NEXT STORY
Living with my mother in the Vanna Venturi house (Part 1)
RELATED STORIES
NEXT STORY
Living with my mother in the Vanna Venturi house (Part 1)
RELATED STORIES
[DSB] So as an African xenophobe, I say that my view of Las Vegas is an African view. I take that same outlook that I developed as a child. I was really eight or nine years old and I was fighting my grandmother you see, amongst other things. Oh, I should add one other point, we had a… growing up in Johannesburg in the ‘40s there were lots of German refugees and these were fascinating people. I had music lessons from three different refugees – we had an art teacher who was a Jewish refugee and many others. They brought a fascinating cosmopolitan sophistication to artistic life in Johannesburg and their paintings are interesting as painters and architecture was interesting; some of them who were there as well. But this Rosa Van Gelderen, I later saw her name, or a Van Gelderen listed in the lists of people who had Swiss bank accounts that were appropriated by the Swiss banks, when they published the names there was a Van Gelderen… obviously that same family. Well Rosa Van Gelderen used to say… she used to run a painting class outside of school where you could paint anything you wanted. And she gave poster paints and big thick brushes and large pieces of paper and little kids were just told paint what you want, express yourself. But of course she did direct you inconspicuously so you painted sort of socialist themes and things about Africans. And she said, you won’t be creative artists if you don’t paint what’s around you. And that was the theme, a really important theme for me.

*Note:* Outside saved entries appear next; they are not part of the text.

(* Suppose UBEV-S (described in the context) is run on a contextual-bandit MDP $\mathcal M_C$, i.e. an episodic MDP whose transition probabilities satisfy $p(s'\mid s,a)=\mu(s')$ for all $s,a,s'$, for a fixed distribution $\mu$ over states. Then outside of the failure event, for every episode $k$ and timestep $t$, $$\mathrm{rng}\,\tilde V^{\pi_k}_t\le 1+\tilde O\!\left(\frac{H\sqrt S}{\sqrt{\min_{(s',t')}n_k(s',\pi_k(s',t'))}}\right).$$
   Context: Setting: a finite-horizon episodic MDP with finite state set $\mathcal S$ ($|\mathcal S|=S$), finite action set $\mathcal A$ ($|\mathcal A|=A$), horizon $H$, stationary transitions $p(s'\mid s,a)$ and mean rewards $r(s,a)\in[0,1]$ (observed rewards in $[0,1]$). Episodes $k=1,2,\dots$ each have $H$ steps. For a vector $V$, $\mathrm{rng}\,V=\max_sV(s)-\min_sV(s)$. $V^*_t$ denotes the optimal value function at timestep $t$. $\tilde O(\cdot)$ hides constants and factors polylogarithmic in quantities polynomial in $S,A,T,K,H,1/\delta$. Algorithm UBEV-S (input $\delta$): maintain, aggregated over all timesteps of all past episodes, counts $n(s,a)$, reward sums $l(s,a)$, transition counts $m(s',s,a)$ (initially $0$), and a scalar $\phi^+$ initialized to $0$ once. At the start of each episode, set $\tilde V_{H+1}\equiv0$ and for $t=H,\dots,1$ and each $s$: for each $a$, $\phi(s,a)=\sqrt{(2\ln\ln(\max\{e,n(s,a)\})+\ln(27HSA/\delta))/n(s,a)}$, $\hat r(s,a)=l(s,a)/n(s,a)$, $\hat p(s,a)=m(\cdot,s,a)/n(s,a)$, $Q(a)=\min\{1,\hat r+\phi\}+\min\{\max_{s'}\tilde V_{t+1}(s'),\hat p(s,a)^\top\tilde V_{t+1}+\min\{H-t,\mathrm{rng}\,\tilde V_{t+1}+\phi^+\}\phi(s,a)\}$; set $\pi_k(s,t)=\arg\max_aQ(a)$, $\tilde V_t(s)=Q(\pi_k(s,t))$, $\phi^+\leftarrow\max\{4\sqrt SH^2\phi(s,\pi_k(s,t)),\phi^+\}$. Then execute $\pi_k$ for $H$ steps and update the counts. In episode $k$: $n_k(s,a)$, $\hat r_k$, $\hat p_k$, $\phi_k$ are the quantities at the start of the episode and $\tilde V^{\pi_k}_t$ is the vector $\tilde V_t$ computed in episode $k$. Failure event: let $w_{tk}(s,a)$ be the probability, in episode $k$ under $\pi_k$, of being in $s$ at step $t$ and taking $a$. ''Outside of the failure event'' means that for all episodes $k$, timesteps $t$ and pairs $(s,a)$ the concentration inequalities used by the algorithm hold, in particular: $n_k(s,a)\ge\frac12\sum_{i<k}\sum_{t\in[H]}w_{ti}(s,a)-H\ln\frac{9SA}{\delta}$; $|\hat r_k(s,a)-r(s,a)|\le\phi_k(s,a)$; $|(\hat p_k(s,a)-p(\cdot\mid s,a))^\top V^*_{t+1}|\le(\mathrm{rng}\,V^*_{t+1})\phi_k(s,a)$; and $\|\hat p_k(s,a)-p(\cdot\mid s,a)\|_1\le4\sqrt S\,\phi_k(s,a)$ (so in particular $\|\hat p_k(s,a)-p(\cdot\mid s,a)\|_1=\tilde O(\sqrt{S/n_k(s,a)})$). *)

From HB Require Import structures.
From mathcomp Require Import all_boot all_order all_algebra.
From mathcomp Require Import reals sequences exp.
Unset Printing Implicit Defensive.
Import Order.TTheory GRing.Theory Num.Theory.
Local Open Scope ring_scope.

(* States are 'I_S (processed in the natural order 0,...,S-1 during planning),
   actions are 'I_A, timesteps are natural numbers 1..H, episodes are 1,2,... *)

Definition vmax {R : realType} {T : finType} (f : T -> R) : R :=
  let l := [seq f x | x <- enum T] in foldr Num.max (head 0 l) l.
Definition vmin {R : realType} {T : finType} (f : T -> R) : R :=
  let l := [seq f x | x <- enum T] in foldr Num.min (head 0 l) l.
Definition rng {R : realType} {T : finType} (f : T -> R) : R := vmax f - vmin f.

Definition is_distr {R : realType} {T : finType} (f : T -> R) : Prop :=
  (forall x, 0 <= f x) /\ \sum_x f x = 1.

Definition phi_val {R : realType} (S A H : nat) (delta : R) (n : nat) : R :=
  Num.sqrt ((2 * ln (ln (Num.max (expR 1) n%:R))
             + ln (27 * H%:R * S%:R * A%:R / delta)) / n%:R).

(* phi as an extended value: None stands for +infinity (the case n = 0) *)
Definition phi_of {R : realType} (S A H : nat) (delta : R) (n : nat) : option R :=
  if n == 0%N then None else Some (phi_val S A H delta n).

Definition phip_upd {R : realType} (S H : nat) (pp ph : option R) : option R :=
  match pp, ph with
  | Some p, Some x => Some (Num.max (4 * Num.sqrt S%:R * H%:R ^+ 2 * x) p)
  | _, _ => None
  end.

(* Q(a) at state s, timestep t, given counts n, reward sums l, transition
   counts m (m s' s a = m(s',s,a)), the next vector Vn = V~_{t+1} and the
   current value pp of phi+.  If n(s,a) = 0 then phi = +infinity and the
   formula evaluates to 1 + max_s' V~_{t+1}(s'). *)
Definition Qval {R : realType} (S A H : nat) (delta : R)
  (n : 'I_S -> 'I_A -> nat) (l : 'I_S -> 'I_A -> R)
  (m : 'I_S -> 'I_S -> 'I_A -> nat) (Vn : 'I_S -> R) (t : nat)
  (pp : option R) (s : 'I_S) (a : 'I_A) : R :=
  match phi_of S A H delta (n s a) with
  | None => 1 + vmax Vn
  | Some ph =>
      let nn : R := (n s a)%:R in
      let coef := match pp with
                  | None => (H - t)%:R
                  | Some p => Num.min (H - t)%:R (rng Vn + p)
                  end in
      Num.min 1 (l s a / nn + ph)
      + Num.min (vmax Vn) (\sum_(s' : 'I_S) ((m s' s a)%:R / nn) * Vn s' + coef * ph)
  end.

(* Counts aggregated over all timesteps 1..H of episodes 1..k-1.
   st i h = state at step h of episode i (h = 1..H+1, state H+1 is the last
   observed next state), rw i h = observed reward, action = pol i (st i h) h. *)
Definition cnt_n {S A : nat} (H : nat) (pol : nat -> 'I_S -> nat -> 'I_A)
  (st : nat -> nat -> 'I_S) (k : nat) (s : 'I_S) (a : 'I_A) : nat :=
  \sum_(1 <= i < k) \sum_(1 <= h < H.+1)
     ((st i h == s) && (pol i (st i h) h == a) : nat).
Definition oiso_glue : oiso (\bigcup_i C i) (\bigcup_i D i).
Proof.
refine (@OIso _ _ (piecewise C F) (piecewise D (fun i => oiso_inv (F i))) _ _ _ _ _).
- move=> x [i _ Cix]; exists i => //.
  by rewrite (piecewiseE F C_ordered Cix); apply: oiso_in.
- move=> y [i _ Diy]; exists i => //.
  by rewrite (piecewiseE _ D_ordered Diy); apply: oiso_inv_in.
- move=> x [i _ Cix]; rewrite (piecewiseE F C_ordered Cix).
  by rewrite (piecewiseE _ D_ordered (oiso_in _ Cix)) oisoK.
- move=> y [i _ Diy]; rewrite (piecewiseE _ D_ordered Diy).
  by rewrite (piecewiseE F C_ordered (oiso_inv_in _ Diy)) oisoVK.
- move=> x y [i _ Cix] [j _ Cjy] lt_xy.
  rewrite (piecewiseE F C_ordered Cix) (piecewiseE F C_ordered Cjy).
  case: (pselect (i = j)) => [eq_ij|/lt_total[] ltij].
  + by move: Cjy; rewrite -eq_ij => Ciy; apply: oiso_lt.
  + exact: D_ordered ltij (oiso_in _ Cix) (oiso_in _ Cjy).
  + by have := C_ordered ltij Cjy Cix; rewrite ltNge (ltW lt_xy).
Defined.

Lemma oiso_glueE i x : C i x -> oiso_glue x = F i x.
Proof. exact: piecewiseE. Qed.

End Glue.

Lemma affine_le (R : numDomainType) (a b c : R) :
  0 < c -> {mono (fun x => b + (x - a) * c) : x y / x <= y}.
Proof. by move=> c_gt0 x y; rewrite lerD2l ler_pM2r // lerD2r. Qed.

Section AffineOiso.
Variables p q p' q' : rat.
Hypotheses (lt_pq : p < q) (lt_pq' : p' < q').

Let r := (q' - p') / (q - p).
Let r_gt0 : 0 < r. Proof. by rewrite divr_gt0 // subr_gt0. Qed.
Let rV_gt0 : 0 < r^-1. Proof. by rewrite invr_gt0. Qed.
Let aff x := p' + (x - p) * r.
Let affV y := p + (y - p') * r^-1.

Definition affine_oiso : oiso [set x | p <= x < q] [set y | p' <= y < q'].
Proof.
have affp : aff p = p' by rewrite /aff subrr mul0r addr0.
have affq : aff q = q' by rewrite /aff /r mulrC divfK ?subr_eq0 ?gt_eqF //; lra.
have affVp : affV p' = p by rewrite /affV subrr mul0r addr0.
have affK x : affV (aff x) = x.
  by rewrite /affV /aff addrAC subrr add0r mulfK ?gt_eqF // addrC subrK.
have affVK y : aff (affV y) = y.
  by rewrite /aff /affV addrAC subrr add0r mulfVK ?gt_eqF // addrC subrK.
have affVq : affV q' = q by rewrite -affq affK.
have aff_le := affine_le p p' r_gt0; have affV_le := affine_le p' p rV_gt0.
have aff_lt := leW_mono aff_le; have affV_lt := leW_mono affV_le.
refine (@OIso _ _ aff affV _ _ (fun x _ => affK x) (fun y _ => affVK y) _) => /=.
- by move=> x /andP[le_px lt_xq]; rewrite -{1}affp -affq /aff aff_le aff_lt le_px.
- by move=> y /andP[le_py lt_yq]; rewrite -{1}affVp -affVq /affV affV_le affV_lt le_py.
- by move=> x y _ _; rewrite /aff aff_lt.
Defined.
(* Radial derivative of a basic profile: [r d/dr (r^sigma) = sigma r^sigma]. *)
Lemma basic_radial_derivative x y phi psi w r t d1 d2 :
  has_basic_form x y phi psi w -> 0 < r ->
  derivable_pt_lim (fun s => Re (w s t)) r d1 ->
  derivable_pt_lim (fun s => Im (w s t)) r d2 ->
  let e1 := pow_re x y r in let e2 := pow_im x y r in
  r * d1 = (x * e1 - y * e2) * (Re (phi t) + Re (psi t))
           - (x * e2 + y * e1) * (Im (phi t) + Im (psi t)) /\
  r * d2 = (x * e1 - y * e2) * (Im (phi t) - Im (psi t))
           + (x * e2 + y * e1) * (Re (phi t) - Re (psi t)).
Proof.
  intros Hw Hr Hd1 Hd2 e1 e2.
  assert (Hloc : forall z, 0 < z < 2 * r ->
            w z t = (pow_re x y z * (Re (phi t) + Re (psi t))
                     - pow_im x y z * (Im (phi t) + Im (psi t)),
                     pow_re x y z * (Im (phi t) - Im (psi t))
                     + pow_im x y z * (Re (phi t) - Re (psi t)))).
  { intros z Hz. rewrite Hw, basic_components, Cpow_pos_components by lra. reflexivity. }
  assert (Hr2 : 0 < r < 2 * r) by lra.
  assert (Hre : derivable_pt_lim (fun s => Re (w s t)) r
     ((x * e1 - y * e2) / r * (Re (phi t) + Re (psi t))
      - (x * e2 + y * e1) / r * (Im (phi t) + Im (psi t)))).
  { eapply derivable_pt_lim_locally_ext;
      [exact Hr2 | intros z Hz; rewrite (Hloc z Hz); reflexivity |].
    apply derivable_pt_lim_minus'; apply derivable_pt_lim_scal_right;
      [apply pow_re_derivative | apply pow_im_derivative]; exact Hr. }
  assert (Him : derivable_pt_lim (fun s => Im (w s t)) r
     ((x * e1 - y * e2) / r * (Im (phi t) - Im (psi t))
      + (x * e2 + y * e1) / r * (Re (phi t) - Re (psi t)))).
  { eapply derivable_pt_lim_locally_ext;
      [exact Hr2 | intros z Hz; rewrite (Hloc z Hz); reflexivity |].
    apply derivable_pt_lim_plus'; apply derivable_pt_lim_scal_right;
      [apply pow_re_derivative | apply pow_im_derivative]; exact Hr. }
  rewrite (uniqueness_limite _ _ _ _ Hd1 Hre), (uniqueness_limite _ _ _ _ Hd2 Him).
  split; field; lra.
Qed.

Section NonrealExponent.

Variables (a beta nu x y : R) (c : R -> Cpx) (w : R -> R -> Cpx) (phi psi : R -> Cpx).
Hypothesis Ha : 0 < a.
Hypothesis Hy : y <> 0.
Hypothesis Hsol : is_solution a beta nu 1 c w.
Hypothesis Hw : has_basic_form x y phi psi w.
(* Let $\mathcal{G}=(\mathcal{N},\mathcal{E})$ be a finite simple undirected graph with vertex set $\mathcal{N}=\{1,\dots,N\}$. Let $\mathbb{T}^N=(\mathbb{R}/2\pi\mathbb{Z})^N$ and $$\mathbb{T}^N_0(\mathcal{G}):=\{\theta=(\theta_1,\dots,\theta_N)\in\mathbb{T}^N:\ \theta_i\neq\theta_j \text{ for all } \{i,j\}\in\mathcal{E}\},$$ and let $R_0(\mathcal{G})$ denote the number of connected components of $\mathbb{T}^N_0(\mathcal{G})$. Then: (i) if $\mathcal{G}=T$ is a tree on $N\ge 1$ vertices, $R_0(T)=1$; (ii) if $\mathcal{G}=C_N$ is the cycle graph on $N\ge 3$ vertices, $R_0(C_N)=N-1$.
   Context: $\mathbb{T}^N_0(\mathcal{G})$ is the configuration space of $N$ agents on the circle in which agents joined by an edge of $\mathcal{G}$ never coincide (the region left forward-invariant by repulsive couplings with barriers at zero separation). The cycle graph $C_N$ has edges $\{k,k+1\}$ for $k=1,\dots,N-1$ and $\{N,1\}$. *)

From HB Require Import structures.
From mathcomp Require Import all_boot all_order all_algebra.
From mathcomp Require Import all_classical all_reals all_analysis.
Set Implicit Arguments. Unset Strict Implicit. Unset Printing Implicit Defensive.
Import Order.TTheory GRing.Theory Num.Theory.
Import numFieldNormedType.Exports.
Local Open Scope classical_set_scope.
Local Open Scope ring_scope.

Definition simple_graph (N : nat) (e : rel 'I_N) : Prop :=
  irreflexive e /\ symmetric e.

Definition graph_connected (N : nat) (e : rel 'I_N) : Prop :=
  forall i j : 'I_N, connect e i j.

Definition acyclic (N : nat) (e : rel 'I_N) : Prop :=
  forall c : seq 'I_N, (3 <= size c)%N -> ~ ucycle e c.

Definition is_tree (N : nat) (e : rel 'I_N) : Prop :=
  graph_connected e /\ acyclic e.

(* The cycle graph C_N: edges {k, k+1 mod N} (0-based labelling). *)
Definition cycle_graph (N : nat) : rel 'I_N :=
  fun i j => (val j == (val i).+1 %% N)%N || (val i == (val j).+1 %% N)%N.

(* The circle R/2piZ, realised (homeomorphically) as the unit circle in R^2. *)
Definition circle (R : realType) : set (R * R)%type :=
  [set p | p.1 ^+ 2 + p.2 ^+ 2 = 1].

(* The configuration space T^N_0(G) inside the torus T^N = (S^1)^N,
   itself a subspace of (R^2)^N with the product topology. *)
Definition config_space (R : realType) (N : nat) (e : rel 'I_N)
  : set {ptws 'I_N -> (R * R)%type} :=
  [set th | (forall i, @circle R (th i)) /\
            (forall i j, e i j -> th i <> th j)].

Definition components (T : topologicalType) (A : set T) : set (set T) :=
  [set connected_component A x | x in A].
Arguments cycle_graph N : clear implicits.
Arguments config_space R {N} e.

From HB Require Import structures.
From mathcomp Require Import all_boot all_order all_algebra.
From mathcomp Require Import all_classical all_reals all_analysis.
From mathcomp Require Import ring lra zify.
Import Order.TTheory GRing.Theory Num.Theory.
Import numFieldNormedType.Exports.
Local Open Scope classical_set_scope.
Local Open Scope ring_scope.
Set Implicit Arguments. Unset Strict Implicit. Unset Printing Implicit Defensive.
Lemma chain_cut_family_ray a cs : increasing_from a cs ->
  chain (cut_family a cs ++ [(last_cut a cs, None)]) /\
  List.Forall (fun I => (a <= fst I)%nat) (cut_family a cs ++ [(last_cut a cs, None)]).
Proof.
  revert a; induction cs as [|b r IH]; intros a Hi; simpl.
  - split; [now repeat split|]. constructor; [simpl; lia|constructor].
  - destruct Hi as [Hab Hr]. destruct (IH b Hr) as [Hc Hge]. split.
    + split; [unfold interval_wf; simpl; lia|]. split; [|exact Hc].
      eapply Forall_impl; [|exact Hge]. intros I HI. simpl in HI.
      unfold ordered_pair. simpl. destruct b; simpl; lia.
    + constructor; [simpl; lia|]. eapply Forall_impl; [|exact Hge]. intros I HI. simpl in HI. lia.
Qed.

(** * The norm of J as a supremum over cut lists *)

Definition admissible (l : list interval) : Prop :=
  l <> [] /\ List.Forall interval_wf l /\ pairwise_disjoint l.

Lemma chain_admissible l : l <> [] -> chain l -> admissible l.
Proof.
  intros Hl Hc. split; [exact Hl|]. split; [now apply chain_wf|now apply chain_pairwise_disjoint].
Qed.

Lemma admissible_cut_family_ray a cs : increasing_from a cs ->
  admissible (cut_family a cs ++ [(last_cut a cs, None)]).
Proof.
  intros Hi. apply chain_admissible; [apply not_eq_sym, app_cons_not_nil|].
  exact (proj1 (chain_cut_family_ray a cs Hi)).
Qed.

Lemma admissible_ray a : admissible [(a, None)].
Proof. apply chain_admissible; [congruence|]. now repeat split. Qed.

And so for her, painting what’s around you, was street life of Africans in Johannesburg looking very picturesque, selling flowers and things like that. For me it became… I have a marvellous slide of a store in Zululand in Natal and it’s a country store and it’s made of wood and iron and it has a big English sign on its roof, ‘Five Roses Tea’, a big American sign on its roof ‘Coca-Cola’ and then a big Zulu sign telling you here you will get these things and these other things. And then it has blankets from Manchester and bicycles all around it and there’s a real mixed message, mixed metaphor, multicultural communication system going right on there in this bedraggled old store. Redolent of African way of life. Well that was my thing I wanted to paint. In fact, I photographed it.
Internationally renowned architects Robert Venturi (1925-2018) and Denise Scott Brown (b.1931) have helped transform contemporary design through their innovative architecture and planning. Winners of numerous prestigious awards, their designs have championed multiculturalism, social activism, symbolism, pop culture, history and evolving technologies.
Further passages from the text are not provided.